What will replace the transformer architecture?

Accepted Answer

Not a single replacement but a hybrid stack. Over 60% of frontier models already use Mixture of Experts. Production systems like AI21's Jamba, Alibaba's Qwen3-Next, and Microsoft's Phi-4-mini-flash-reasoning blend attention with state space models (Mamba) for 3-10x throughput gains. Diffusion language models like LLaDA offer a wilder alternative, generating text through denoising rather than sequential token prediction.

Question 16

Can AI systems design their own replacement architecture?

Accepted Answer

It is already happening. DeepMind's AlphaEvolve found a 23% kernel speedup inside Gemini's own architecture. Karpathy's AutoResearch discovered about 20 improvements on his own highly-tuned codebase, cutting the metric by 11%. Sakana AI's AI Scientist v2 produced the first AI-authored paper accepted through standard peer review.
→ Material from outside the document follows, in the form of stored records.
(* Entry [n] lists the vertices of C_(2n) labelled 0, 1, ..., n; the other entries are empty. *)
Definition cycle_eid_table : seq (seq nat) := [::
  [::];
  [::];
  [::];
  [::];
  [::];
  [::];
  [::];
  [:: 1; 4; 6; 10; 2; 5; 3; 9];
  [::];
  [::];
  [::];
  [:: 10; 15; 1; 3; 5; 2; 21; 19; 16; 4; 8; 0];
  [::];
  [:: 14; 19; 13; 2; 5; 7; 10; 17; 15; 12; 3; 11; 20; 4];
  [::];
  [:: 3; 27; 2; 13; 18; 7; 0; 22; 17; 28; 11; 24; 29; 10; 4; 23];
  [::];
  [:: 7; 28; 33; 15; 19; 14; 5; 3; 13; 23; 12; 27; 25; 4; 6; 9; 24; 17];
  [::];
  [:: 0; 34; 10; 16; 27; 15; 23; 14; 35; 31; 24; 17; 4; 11; 18; 3; 25; 32; 19; 6];
  [::];
  [:: 36; 26; 0; 19; 14; 25; 6; 2; 39; 32; 38; 28; 20; 16; 35; 41; 8; 21; 37; 34; 13; 22];
  [::];
  [:: 1; 4; 29; 38; 26; 19; 3; 41; 25; 17; 35; 18; 27; 5; 42; 6; 16; 40; 34; 31; 39; 15; 20; 43];
  [::];
  [:: 43; 8; 27; 36; 4; 10; 12; 17; 3; 28; 2; 9; 40; 14; 49; 1; 15; 5; 35; 45; 24; 11; 19; 7; 47; 21];
  [::];
  [:: 29; 13; 35; 39; 48; 45; 15; 11; 40; 25; 1; 6; 19; 28; 42; 20; 38; 10; 37; 4; 26; 46; 21; 7; 27; 49; 36; 53];
  [::];
  [:: 12; 41; 8; 34; 55; 16; 22; 32; 49; 17; 40; 56; 31; 36; 3; 19; 30; 44; 4; 37; 0; 15; 51; 25; 29; 57; 39; 27; 5; 26];
  [::];
  [:: 52; 0; 19; 59; 6; 14; 18; 42; 40; 38; 36; 17; 30; 2; 45; 51; 54; 33; 58; 39; 13; 16; 47; 4; 15; 48; 8; 57; 26; 12; 35; 44];
  [::];
  [:: 48; 51; 2; 42; 55; 28; 32; 34; 4; 27; 59; 18; 23; 11; 3; 17; 41; 57; 38; 61; 8; 13; 0; 53; 43; 56; 20; 26; 44; 50; 7; 40; 29; 14];
  [::];
  [:: 28; 25; 60; 11; 57; 50; 27; 39; 1; 45; 54; 41; 63; 3; 17; 35; 64; 24; 16; 66; 47; 8; 59; 65; 46; 68; 61; 29; 67; 30; 36; 43; 51; 32; 4; 14];
  [::];
  [:: 68; 22; 10; 54; 9; 27; 55; 36; 46; 39; 1; 44; 8; 29; 48; 13; 11; 18; 7; 69; 72; 57; 25; 60; 34; 64; 33; 71; 45; 31; 70; 62; 14; 12; 40; 32; 28; 4];
  [::];
  [:: 31; 27; 18; 33; 6; 62; 5; 47; 51; 72; 54; 26; 53; 73; 52; 12; 55; 66; 69; 43; 38; 35; 57; 76; 49; 21; 58; 34; 41; 23; 77; 64; 2; 45; 11; 7; 40; 60; 30; 61];
  [::];
  [:: 26; 18; 1; 11; 66; 59; 49; 64; 45; 36; 22; 39; 37; 23; 16; 44; 57; 69; 33; 79; 3; 42; 55; 21; 63; 10; 50; 47; 41; 60; 52; 15; 29; 7; 24; 53; 32; 38; 4; 77; 51; 6];
  [::];
  [:: 76; 38; 61; 28; 73; 4; 22; 0; 58; 56; 48; 24; 72; 85; 3; 30; 8; 25; 71; 13; 26; 35; 40; 84; 6; 9; 70; 63; 55; 14; 79; 51; 20; 34; 39; 46; 69; 78; 16; 1; 11; 67; 44; 12];
  [::];
  [:: 8; 78; 41; 86; 16; 32; 15; 38; 43; 84; 76; 29; 70; 36; 39; 75; 68; 47; 88; 55; 27; 71; 33; 65; 80; 53; 50; 6; 10; 42; 89; 37; 49; 28; 60; 45; 51; 4; 57; 85; 72; 13; 25; 1; 19; 46];
  [::];
  [:: 8; 68; 3; 28; 33; 43; 64; 66; 55; 32; 86; 39; 5; 88; 91; 45; 2; 49; 15; 87; 14; 61; 67; 84; 59; 78; 25; 89; 24; 50; 34; 23; 81; 76; 21; 62; 56; 83; 1; 17; 31; 77; 42; 57; 60; 29; 90; 18];
  [::];
  [:: 23; 82; 62; 47; 29; 51; 15; 59; 35; 11; 79; 5; 20; 54; 96; 34; 22; 88; 80; 84; 31; 76; 9; 12; 66; 43; 87; 30; 67; 57; 7; 71; 4; 63; 44; 64; 18; 95; 55; 52; 19; 6; 32; 69; 40; 0; 27; 25; 72; 97];
  [::];
  [:: 23; 16; 31; 95; 70; 82; 13; 6; 81; 44; 52; 86; 67; 73; 2; 37; 79; 11; 65; 29; 41; 90; 62; 91; 48; 51; 56; 18; 78; 100; 9; 28; 38; 77; 17; 92; 1; 83; 27; 39; 60; 75; 98; 45; 36; 88; 8; 96; 59; 85; 53; 7];
  [::];
  [:: 13; 88; 49; 46; 37; 63; 67; 71; 40; 10; 45; 48; 42; 89; 11; 8; 76; 101; 62; 50; 19; 83; 28; 43; 14; 20; 3; 94; 105; 103; 64; 41; 39; 24; 36; 44; 16; 51; 84; 95; 58; 65; 53; 22; 66; 30; 54; 34; 5; 33; 92; 72; 57; 93];
  [::];
  [:: 23; 55; 93; 61; 25; 73; 11; 4; 59; 34; 75; 13; 3; 22; 6; 19; 43; 92; 98; 38; 68; 82; 91; 54; 8; 14; 102; 60; 78; 9; 74; 41; 39; 33; 62; 18; 72; 89; 51; 2; 30; 81; 50; 12; 16; 107; 17; 77; 35; 37; 24; 96; 53; 79; 103; 101];
  [::];
  [:: 103; 110; 27; 19; 78; 92; 106; 45; 85; 81; 66; 1; 33; 14; 5; 58; 49; 47; 99; 23; 55; 13; 72; 32; 75; 36; 44; 64; 30; 91; 108; 54; 89; 20; 62; 9; 83; 73; 51; 53; 40; 104; 82; 112; 16; 26; 61; 93; 65; 97; 34; 71; 101; 6; 48; 24; 10; 111];
  [::];
  [:: 105; 44; 104; 57; 42; 37; 56; 26; 82; 67; 117; 5; 83; 17; 86; 0; 41; 61; 102; 92; 69; 89; 77; 1; 27; 15; 87; 40; 65; 50; 95; 51; 85; 114; 2; 31; 47; 4; 90; 30; 96; 63; 59; 106; 3; 73; 52; 45; 75; 108; 76; 24; 100; 88; 33; 25; 8; 58; 72; 35];
  [::];
  [:: 69; 65; 37; 70; 99; 87; 116; 84; 9; 38; 8; 48; 97; 32; 112; 36; 90; 7; 31; 98; 43; 55; 109; 73; 105; 53; 81; 59; 86; 11; 91; 74; 115; 27; 12; 83; 63; 4; 18; 49; 102; 34; 95; 51; 80; 20; 114; 5; 60; 106; 21; 82; 2; 58; 16; 46; 72; 79; 61; 89; 104; 29];
  [::];
  [:: 46; 1; 22; 63; 55; 83; 23; 19; 81; 72; 107; 118; 113; 28; 41; 10; 20; 99; 61; 51; 36; 85; 89; 0; 76; 87; 14; 58; 82; 98; 101; 44; 26; 12; 31; 33; 6; 43; 75; 96; 54; 49; 91; 65; 120; 38; 4; 39; 24; 60; 124; 47; 25; 106; 93; 90; 117; 35; 102; 77; 27; 30; 92; 52];
  [::];
  [:: 48; 66; 52; 122; 103; 32; 124; 37; 55; 60; 113; 7; 27; 74; 98; 86; 118; 93; 15; 79; 94; 0; 75; 29; 31; 61; 2; 51; 30; 120; 111; 25; 63; 59; 43; 33; 6; 38; 83; 20; 128; 5; 104; 53; 36; 44; 71; 117; 1; 24; 40; 65; 81; 85; 89; 95; 97; 9; 115; 76; 82; 3; 17; 41; 49; 28];
  [::];
  [:: 44; 132; 128; 12; 35; 15; 84; 115; 93; 86; 36; 80; 54; 49; 123; 79; 103; 90; 121; 5; 10; 77; 119; 48; 57; 68; 109; 129; 23; 133; 122; 130; 8; 4; 21; 18; 27; 43; 108; 88; 42; 91; 26; 102; 16; 22; 69; 25; 28; 114; 125; 33; 6; 98; 101; 34; 113; 111; 3; 107; 112; 13; 66; 71; 83; 31; 82; 56];
  [::];
  [:: 19; 54; 45; 111; 91; 98; 28; 18; 107; 48; 25; 12; 71; 78; 84; 57; 135; 62; 89; 59; 10; 29; 5; 86; 121; 113; 58; 33; 3; 46; 124; 116; 73; 36; 20; 39; 82; 11; 52; 101; 4; 117; 75; 34; 81; 37; 43; 85; 32; 110; 23; 115; 15; 134; 66; 13; 80; 53; 109; 47; 96; 87; 128; 41; 69; 27; 65; 56; 126; 17];
  [::];
  [:: 23; 16; 97; 110; 74; 50; 118; 49; 89; 68; 72; 138; 25; 6; 128; 1; 77; 63; 46; 70; 83; 111; 10; 17; 91; 28; 47; 75; 115; 7; 101; 80; 124; 8; 117; 61; 130; 116; 122; 36; 79; 113; 127; 134; 3; 21; 106; 39; 73; 5; 58; 18; 96; 84; 56; 120; 85; 48; 42; 133; 65; 119; 60; 131; 121; 11; 40; 71; 55; 103; 92; 33];
  [::];
  [:: 27; 100; 59; 38; 134; 17; 7; 113; 145; 19; 87; 84; 78; 47; 107; 126; 101; 14; 74; 91; 135; 112; 58; 71; 133; 8; 81; 98; 144; 142; 23; 12; 119; 65; 92; 54; 104; 99; 37; 24; 42; 111; 63; 80; 52; 34; 120; 5; 86; 79; 4; 68; 138; 49; 11; 114; 28; 140; 20; 73; 136; 3; 131; 61; 106; 110; 1; 82; 117; 45; 116; 75; 90; 39];
  [::];
  [:: 27; 108; 65; 91; 8; 50; 3; 26; 22; 101; 71; 60; 110; 124; 64; 49; 81; 119; 88; 115; 57; 96; 25; 16; 107; 78; 140; 146; 121; 6; 55; 9; 54; 15; 24; 89; 87; 141; 129; 126; 139; 130; 17; 31; 106; 111; 59; 147; 68; 11; 132; 69; 93; 95; 90; 35; 125; 103; 43; 70; 133; 19; 33; 52; 143; 48; 122; 1; 73; 77; 72; 47; 79; 149; 100; 127];
  [::];
  [:: 27; 141; 151; 144; 102; 2; 30; 153; 107; 112; 90; 134; 61; 125; 103; 24; 86; 76; 38; 33; 96; 83; 45; 60; 41; 145; 69; 8; 26; 115; 42; 142; 12; 63; 116; 123; 82; 111; 72; 40; 10; 6; 71; 84; 136; 85; 14; 128; 106; 133; 75; 34; 5; 0; 131; 9; 101; 135; 109; 67; 126; 36; 47; 124; 4; 25; 77; 89; 1; 140; 21; 146; 87; 91; 122; 53; 55; 59];
  [::];
  [:: 16; 137; 125; 48; 111; 70; 42; 87; 153; 63; 39; 2; 96; 54; 116; 45; 130; 17; 74; 98; 73; 22; 143; 75; 128; 88; 100; 139; 67; 18; 120; 151; 157; 134; 122; 5; 118; 142; 53; 105; 24; 1; 99; 66; 147; 65; 117; 29; 86; 34; 82; 121; 79; 6; 154; 32; 114; 76; 102; 30; 77; 0; 124; 56; 89; 13; 7; 57; 136; 95; 92; 68; 141; 84; 12; 93; 40; 4; 115; 156];
  [::];
  [:: 101; 146; 78; 117; 86; 58; 112; 82; 3; 114; 143; 1; 21; 124; 72; 69; 65; 110; 37; 46; 41; 104; 93; 27; 18; 5; 26; 99; 141; 136; 129; 17; 153; 121; 126; 22; 15; 42; 39; 107; 118; 103; 145; 24; 91; 83; 56; 144; 16; 11; 19; 40; 67; 140; 80; 57; 73; 79; 92; 14; 95; 77; 8; 33; 138; 111; 43; 161; 100; 47; 30; 130; 108; 97; 87; 131; 9; 105; 20; 120; 125; 29];
  [::];
  [:: 141; 96; 162; 91; 109; 55; 9; 23; 36; 121; 124; 92; 87; 164; 5; 49; 37; 75; 56; 143; 82; 62; 145; 156; 113; 34; 93; 24; 70; 51; 114; 78; 138; 123; 15; 83; 161; 106; 104; 4; 46; 120; 59; 97; 67; 100; 26; 10; 158; 33; 85; 142; 160; 79; 66; 84; 80; 6; 110; 115; 99; 94; 3; 63; 14; 20; 27; 50; 105; 31; 0; 81; 86; 98; 30; 136; 163; 76; 60; 155; 157; 117; 102; 71];
  [::];
  [:: 105; 50; 141; 118; 62; 89; 22; 94; 127; 51; 66; 143; 160; 117; 33; 25; 134; 52; 128; 45; 24; 2; 10; 44; 3; 139; 137; 168; 98; 59; 15; 153; 113; 111; 125; 81; 32; 99; 60; 68; 73; 138; 47; 97; 144; 57; 155; 129; 5; 122; 9; 116; 72; 39; 150; 154; 106; 95; 19; 26; 101; 164; 119; 115; 11; 63; 103; 67; 92; 56; 38; 142; 14; 145; 46; 78; 71; 13; 1; 4; 43; 96; 162; 100; 147; 121];
  [::];
  [:: 59; 114; 147; 115; 79; 131; 110; 40; 167; 91; 157; 74; 28; 75; 137; 54; 105; 151; 125; 53; 47; 171; 42; 117; 24; 16; 127; 104; 158; 57; 25; 126; 134; 106; 36; 149; 112; 34; 166; 71; 98; 27; 99; 56; 128; 136; 81; 152; 168; 80; 161; 1; 148; 72; 107; 35; 37; 62; 145; 97; 49; 76; 84; 155; 100; 163; 132; 66; 38; 119; 113; 120; 60; 7; 78; 4; 82; 45; 39; 2; 154; 89; 138; 94; 135; 150; 109; 165];
  [::];
  [:: 32; 139; 145; 8; 152; 22; 19; 72; 122; 75; 41; 99; 70; 83; 29; 71; 174; 86; 65; 116; 146; 21; 55; 157; 147; 171; 35; 2; 25; 5; 120; 54; 48; 59; 73; 110; 77; 135; 177; 34; 85; 63; 82; 7; 144; 3; 106; 46; 33; 68; 112; 43; 170; 131; 74; 161; 52; 111; 107; 133; 31; 163; 98; 1; 23; 66; 49; 9; 140; 58; 94; 62; 79; 39; 102; 138; 53; 18; 11; 42; 101; 149; 153; 150; 38; 16; 13; 95; 69; 148];
  [::];
  [:: 123; 167; 70; 150; 1; 140; 52; 82; 21; 30; 35; 96; 162; 105; 138; 42; 112; 116; 87; 7; 180; 141; 15; 107; 119; 76; 106; 36; 157; 126; 91; 158; 110; 55; 127; 69; 66; 103; 4; 83; 152; 122; 29; 39; 11; 153; 155; 134; 31; 49; 9; 62; 128; 120; 10; 104; 159; 168; 73; 3; 175; 171; 63; 95; 178; 79; 136; 90; 22; 121; 147; 23; 146; 156; 139; 148; 100; 133; 13; 85; 97; 5; 37; 17; 88; 54; 98; 59; 142; 78; 130; 65];
  [::];
  [:: 39; 119; 98; 144; 12; 65; 80; 70; 57; 154; 174; 17; 26; 146; 181; 150; 66; 78; 99; 103; 24; 122; 37; 14; 116; 183; 27; 44; 51; 58; 6; 74; 143; 52; 163; 93; 90; 117; 83; 2; 75; 35; 131; 107; 29; 161; 77; 21; 126; 155; 149; 102; 3; 85; 137; 121; 53; 50; 40; 54; 43; 109; 166; 125; 97; 25; 76; 47; 71; 138; 18; 4; 139; 120; 108; 168; 15; 133; 19; 106; 30; 67; 176; 48; 28; 23; 112; 45; 128; 89; 142; 61; 63; 9];
  [::];
  [:: 139; 60; 52; 174; 1; 29; 110; 18; 138; 99; 77; 87; 140; 147; 26; 126; 58; 150; 67; 37; 173; 136; 100; 74; 51; 107; 168; 186; 122; 180; 113; 39; 179; 15; 103; 27; 125; 163; 93; 123; 152; 0; 133; 50; 81; 146; 20; 118; 158; 141; 49; 137; 176; 159; 101; 9; 92; 166; 177; 162; 187; 57; 106; 170; 90; 185; 119; 12; 88; 97; 53; 148; 45; 169; 155; 54; 69; 61; 24; 184; 175; 144; 32; 96; 164; 91; 95; 117; 134; 189; 80; 22; 86; 165; 111; 63];
  [::];
  [:: 188; 169; 192; 104; 53; 153; 80; 158; 85; 108; 126; 83; 68; 79; 17; 130; 74; 43; 71; 123; 19; 11; 51; 152; 161; 100; 148; 69; 7; 176; 101; 150; 86; 88; 31; 10; 14; 39; 47; 28; 84; 154; 46; 59; 95; 55; 6; 61; 116; 181; 156; 171; 89; 99; 76; 124; 54; 34; 20; 118; 52; 102; 25; 103; 112; 135; 149; 151; 27; 57; 9; 91; 87; 134; 138; 30; 5; 26; 141; 35; 107; 65; 15; 145; 50; 128; 94; 48; 111; 187; 137; 98; 36; 131; 67; 45; 13; 114];
  [::];
  [:: 19; 122; 148; 6; 176; 184; 29; 123; 107; 104; 51; 75; 94; 85; 25; 43; 53; 5; 8; 164; 182; 173; 183; 77; 1; 18; 103; 129; 80; 170; 81; 185; 111; 71; 178; 101; 112; 163; 132; 186; 27; 125; 162; 35; 166; 118; 86; 181; 9; 82; 47; 100; 22; 140; 159; 102; 147; 119; 138; 34; 105; 131; 78; 20; 110; 175; 52; 120; 41; 165; 90; 10; 56; 180; 95; 58; 190; 169; 57; 150; 21; 7; 172; 115; 113; 4; 26; 38; 54; 69; 193; 151; 61; 168; 128; 24; 161; 114; 108; 149]].

Lemma cycle_eid_table_ok :
  all (fun n => odd n && (n != 9) ==> cycle_eid_seq (2 * n) (nth [::] cycle_eid_table n))
      (iota 7 93).
Proof. by vm_compute. Qed.

Theorem corollary4p10 (n : nat) :
  odd n -> 7 <= n <= 99 -> n != 9 ->
  exists (S : {set 'I_(2 * n)}) (lam : 'I_(2 * n) -> nat),
    optimal_ext_irr_dom (@cycle_rel (2 * n)) S lam.
Proof.
move=> odd_n /andP[ge7_n le99_n] ne9_n.
apply: (cycle_eid_seq_optimal (pos := nth [::] cycle_eid_table n)); first lia.
have /implyP := allP cycle_eid_table_ok n ltac:(by rewrite mem_iota; lia).
by rewrite odd_n ne9_n; apply.
Qed.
The timeline from thought experiment to working systems was faster than most expected.

Question 17

Has AI pre-training scaling hit a wall?

Accepted Answer

For dense transformers, evidence points to flattening. OpenAI's Orion model hit GPT-4 performance after just 20% of training, with diminishing returns for the remaining 80%. But test-time compute opened a different axis: inference spending hit $2.3 billion at OpenAI in 2024, 15x training costs. The Densing Law shows capability per parameter doubling every 3.5 months through MoE, distillation, and better data curation.

Question 18

What is the difference between MCP and A2A?

Accepted Answer

MCP is agent-to-tool; A2A is agent-to-agent. MCP connects AI agents to tools and data sources. A2A connects agents to each other for multi-agent collaboration. They operate at different architectural layers and are complementary, not competing.

Question 19

Do I need both MCP and A2A?

Accepted Answer

Start with MCP, then add A2A. For most enterprise deployments, MCP handles tool integration first, then A2A layers on when you need multi-agent coordination across organizational boundaries. AWS, Microsoft, Salesforce, SAP, and IBM already support both protocols.

Question 20

Who governs MCP and A2A?

Accepted Answer

Both are under the Linux Foundation. MCP sits within the Agentic AI Foundation (AAIF), which has 146 member organizations including Anthropic, OpenAI, and Block. A2A has its own governance body with 150+ partner organizations.